_Exercise aim_
The output must reproduce each line of the data word for word.

_Data for this task_
(* Let $G$ be a finite group, let $\gamma$ be a faithful $n$-dimensional complex representation of $G$ with character $\chi_\gamma$, and let $e=c_0,c_1,\dots,c_\ell$ be a set of representatives of the conjugacy classes of $G$. Then \[ \frac{1}{|G|}\prod_{i=1}^{\ell}\bigl(n-\chi_\gamma(c_i)\bigr)=|K(\gamma)|. \] In particular the left-hand side is a positive integer.
   Context: Let $G$ be a finite group with irreducible complex characters $\chi_0,\chi_1,\dots,\chi_\ell$, where $\chi_0$ is the trivial character (so $\ell+1$ is the number of conjugacy classes of $G$). For a faithful $n$-dimensional complex representation $\gamma$ of $G$ with character $\chi_\gamma$, let $M=(m_{ij})\in\mathbb{Z}^{(\ell+1)\times(\ell+1)}$ be defined by $\chi_\gamma\cdot\chi_i=\sum_{j=0}^{\ell}m_{ij}\chi_j$. The extended McKay–Cartan matrix is $\tilde C:=nI-M$, and the McKay–Cartan matrix $C$ is the $\ell\times\ell$ matrix obtained from $\tilde C$ by deleting the row and column indexed by $\chi_0$. The critical group of $\gamma$ is the finite abelian group $K(\gamma):=\operatorname{coker}(C^t:\mathbb{Z}^\ell\to\mathbb{Z}^\ell)$; equivalently $\operatorname{coker}(\tilde C^t:\mathbb{Z}^{\ell+1}\to\mathbb{Z}^{\ell+1})\cong\mathbb{Z}\oplus K(\gamma)$. *)

From HB Require Import structures.
From mathcomp Require Import all_boot all_order all_algebra all_fingroup all_solvable all_field all_character.
Set Implicit Arguments. Unset Strict Implicit. Unset Printing Implicit Defensive.
Import Order.TTheory GRing.Theory Num.Theory.
Local Open Scope ring_scope.

Lemma succ_lt_pred (m : nat) (i : 'I_m.-1) : (i.+1 < m)%N.
Proof. by case: m i => [|m] [i /= hi]. Qed.

Definition ordS_pred (m : nat) (i : 'I_m.-1) : 'I_m := Ordinal (succ_lt_pred i).

Definition delete0 (R : Type) (m : nat) (A : 'M[R]_m) : 'M[R]_m.-1 :=
  \matrix_(i, j) A (ordS_pred i) (ordS_pred j).

Definition ext_mckay_cartan (m n : nat) (M : 'M[int]_m) : 'M[int]_m :=
  (n%:Z)%:M - M.
Definition mckay_cartan (m n : nat) (M : 'M[int]_m) : 'M[int]_m.-1 :=
  delete0 (ext_mckay_cartan n M).

Definition in_image (m : nat) (A : 'M[int]_m) (v : 'cV[int]_m) : Prop :=
  exists x : 'cV[int]_m, v = A *m x.

(* The cokernel Z^m / A Z^m is finite of order k: there are k representatives
   meeting every coset exactly once. *)
Definition coker_order (m : nat) (A : 'M[int]_m) (k : nat) : Prop :=
  exists r : 'I_k -> 'cV[int]_m,
    (forall v : 'cV[int]_m, exists i : 'I_k, in_image A (v - r i)) /\
    (forall i j : 'I_k, in_image A (r i - r j) -> i = j).

(* The character table X of G diagonalises the extended McKay-Cartan matrix:
   C~ X = X diag(n - chi_gamma(c_j)), with eigenvalue 0 at the identity class.
   Deleting the trivial row and column turns the determinant into
   det (C~ + E_00) - det C~, and E_00 X = X u 1^T where u lists the class sizes
   divided by |G| (column orthogonality), so a rank-one determinant formula gives
   det C = |G|^-1 prod_(i >= 1) (n - chi_gamma(c_i)).  This product is positive:
   by faithfulness its factors are non-zero with non-negative real part, and
   c |-> c^-1 pairs each factor with its complex conjugate.  Finally, by the
   Smith normal form, the cokernel of an integer matrix of non-zero determinant
   has order |det|. *)

From HB Require Import structures.
From mathcomp Require Import all_boot all_order all_algebra all_fingroup all_solvable all_field all_character.
Set Implicit Arguments. Unset Strict Implicit. Unset Printing Implicit Defensive.
Import Order.TTheory GRing.Theory Num.Theory.
Local Open Scope ring_scope.

Section IntegerCokernel.

Variable m : nat.
Implicit Types (A L R : 'M[int]_m) (v w : 'cV[int]_m).

Lemma coker_order_enum (T : finType) A (r : T -> 'cV[int]_m) :
    (forall v, exists t, in_image A (v - r t)) ->
    (forall s t, in_image A (r s - r t) -> s = t) ->
  coker_order A #|T|.
Proof.
move=> r_cover r_inj; exists (fun i => r (enum_val i)); split.
  by move=> v; have [t At] := r_cover v; exists (enum_rank t); rewrite enum_rankK.
by move=> i j /r_inj/enum_val_inj.
Qed.

Lemma in_image_unit_mulmx L A R v : L \in unitmx -> R \in unitmx ->
  in_image (L *m A *m R) v <-> in_image A (invmx L *m v).
Proof.
move=> uL uR; split=> [[x ->]|[y Ey]].
  by exists (R *m x); rewrite -!mulmxA mulKmx.
by exists (invmx R *m y); rewrite -!mulmxA mulKVmx // -Ey mulKVmx.
Qed.

Lemma coker_order_unit_mulmx L A R k : L \in unitmx -> R \in unitmx ->
  coker_order A k -> coker_order (L *m A *m R) k.
Proof.
move=> uL uR [r [r_cover r_inj]]; exists (fun i => L *m r i); split=> [v|i j].
  have [i Ai] := r_cover (invmx L *m v); exists i.
  by apply/in_image_unit_mulmx; rewrite // mulmxBr mulKmx.
by move/in_image_unit_mulmx => /(_ uL uR); rewrite mulmxBr !mulKmx //; apply: r_inj.
Qed.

_Finished task_
(* Let $G$ be a finite group, let $\gamma$ be a faithful $n$-dimensional complex representation of $G$ with character $\chi_\gamma$, and let $e=c_0,c_1,\dots,c_\ell$ be a set of representatives of the conjugacy classes of $G$. Then \[ \frac{1}{|G|}\prod_{i=1}^{\ell}\bigl(n-\chi_\gamma(c_i)\bigr)=|K(\gamma)|. \] In particular the left-hand side is a positive integer.
   Context: Let $G$ be a finite group with irreducible complex characters $\chi_0,\chi_1,\dots,\chi_\ell$, where $\chi_0$ is the trivial character (so $\ell+1$ is the number of conjugacy classes of $G$). For a faithful $n$-dimensional complex representation $\gamma$ of $G$ with character $\chi_\gamma$, let $M=(m_{ij})\in\mathbb{Z}^{(\ell+1)\times(\ell+1)}$ be defined by $\chi_\gamma\cdot\chi_i=\sum_{j=0}^{\ell}m_{ij}\chi_j$. The extended McKay–Cartan matrix is $\tilde C:=nI-M$, and the McKay–Cartan matrix $C$ is the $\ell\times\ell$ matrix obtained from $\tilde C$ by deleting the row and column indexed by $\chi_0$. The critical group of $\gamma$ is the finite abelian group $K(\gamma):=\operatorname{coker}(C^t:\mathbb{Z}^\ell\to\mathbb{Z}^\ell)$; equivalently $\operatorname{coker}(\tilde C^t:\mathbb{Z}^{\ell+1}\to\mathbb{Z}^{\ell+1})\cong\mathbb{Z}\oplus K(\gamma)$. *)

From HB Require Import structures.
From mathcomp Require Import all_boot all_order all_algebra all_fingroup all_solvable all_field all_character.
Set Implicit Arguments. Unset Strict Implicit. Unset Printing Implicit Defensive.
Import Order.TTheory GRing.Theory Num.Theory.
Local Open Scope ring_scope.

Lemma succ_lt_pred (m : nat) (i : 'I_m.-1) : (i.+1 < m)%N.
Proof. by case: m i => [|m] [i /= hi]. Qed.

Definition ordS_pred (m : nat) (i : 'I_m.-1) : 'I_m := Ordinal (succ_lt_pred i).

Definition delete0 (R : Type) (m : nat) (A : 'M[R]_m) : 'M[R]_m.-1 :=
  \matrix_(i, j) A (ordS_pred i) (ordS_pred j).

Definition ext_mckay_cartan (m n : nat) (M : 'M[int]_m) : 'M[int]_m :=
  (n%:Z)%:M - M.
Definition mckay_cartan (m n : nat) (M : 'M[int]_m) : 'M[int]_m.-1 :=
  delete0 (ext_mckay_cartan n M).

Definition in_image (m : nat) (A : 'M[int]_m) (v : 'cV[int]_m) : Prop :=
  exists x : 'cV[int]_m, v = A *m x.

(* The cokernel Z^m / A Z^m is finite of order k: there are k representatives
   meeting every coset exactly once. *)
Definition coker_order (m : nat) (A : 'M[int]_m) (k : nat) : Prop :=
  exists r : 'I_k -> 'cV[int]_m,
    (forall v : 'cV[int]_m, exists i : 'I_k, in_image A (v - r i)) /\
    (forall i j : 'I_k, in_image A (r i - r j) -> i = j).

(* The character table X of G diagonalises the extended McKay-Cartan matrix:
   C~ X = X diag(n - chi_gamma(c_j)), with eigenvalue 0 at the identity class.
   Deleting the trivial row and column turns the determinant into
   det (C~ + E_00) - det C~, and E_00 X = X u 1^T where u lists the class sizes
   divided by |G| (column orthogonality), so a rank-one determinant formula gives
   det C = |G|^-1 prod_(i >= 1) (n - chi_gamma(c_i)).  This product is positive:
   by faithfulness its factors are non-zero with non-negative real part, and
   c |-> c^-1 pairs each factor with its complex conjugate.  Finally, by the
   Smith normal form, the cokernel of an integer matrix of non-zero determinant
   has order |det|. *)

From HB Require Import structures.
From mathcomp Require Import all_boot all_order all_algebra all_fingroup all_solvable all_field all_character.
Set Implicit Arguments. Unset Strict Implicit. Unset Printing Implicit Defensive.
Import Order.TTheory GRing.Theory Num.Theory.
Local Open Scope ring_scope.

Section IntegerCokernel.

Variable m : nat.
Implicit Types (A L R : 'M[int]_m) (v w : 'cV[int]_m).

Lemma coker_order_enum (T : finType) A (r : T -> 'cV[int]_m) :
    (forall v, exists t, in_image A (v - r t)) ->
    (forall s t, in_image A (r s - r t) -> s = t) ->
  coker_order A #|T|.
Proof.
move=> r_cover r_inj; exists (fun i => r (enum_val i)); split.
  by move=> v; have [t At] := r_cover v; exists (enum_rank t); rewrite enum_rankK.
by move=> i j /r_inj/enum_val_inj.
Qed.

Lemma in_image_unit_mulmx L A R v : L \in unitmx -> R \in unitmx ->
  in_image (L *m A *m R) v <-> in_image A (invmx L *m v).
Proof.
move=> uL uR; split=> [[x ->]|[y Ey]].
  by exists (R *m x); rewrite -!mulmxA mulKmx.
by exists (invmx R *m y); rewrite -!mulmxA mulKVmx // -Ey mulKVmx.
Qed.

Lemma coker_order_unit_mulmx L A R k : L \in unitmx -> R \in unitmx ->
  coker_order A k -> coker_order (L *m A *m R) k.
Proof.
move=> uL uR [r [r_cover r_inj]]; exists (fun i => L *m r i); split=> [v|i j].
  have [i Ai] := r_cover (invmx L *m v); exists i.
  by apply/in_image_unit_mulmx; rewrite // mulmxBr mulKmx.
by move/in_image_unit_mulmx => /(_ uL uR); rewrite mulmxBr !mulKmx //; apply: r_inj.
Qed.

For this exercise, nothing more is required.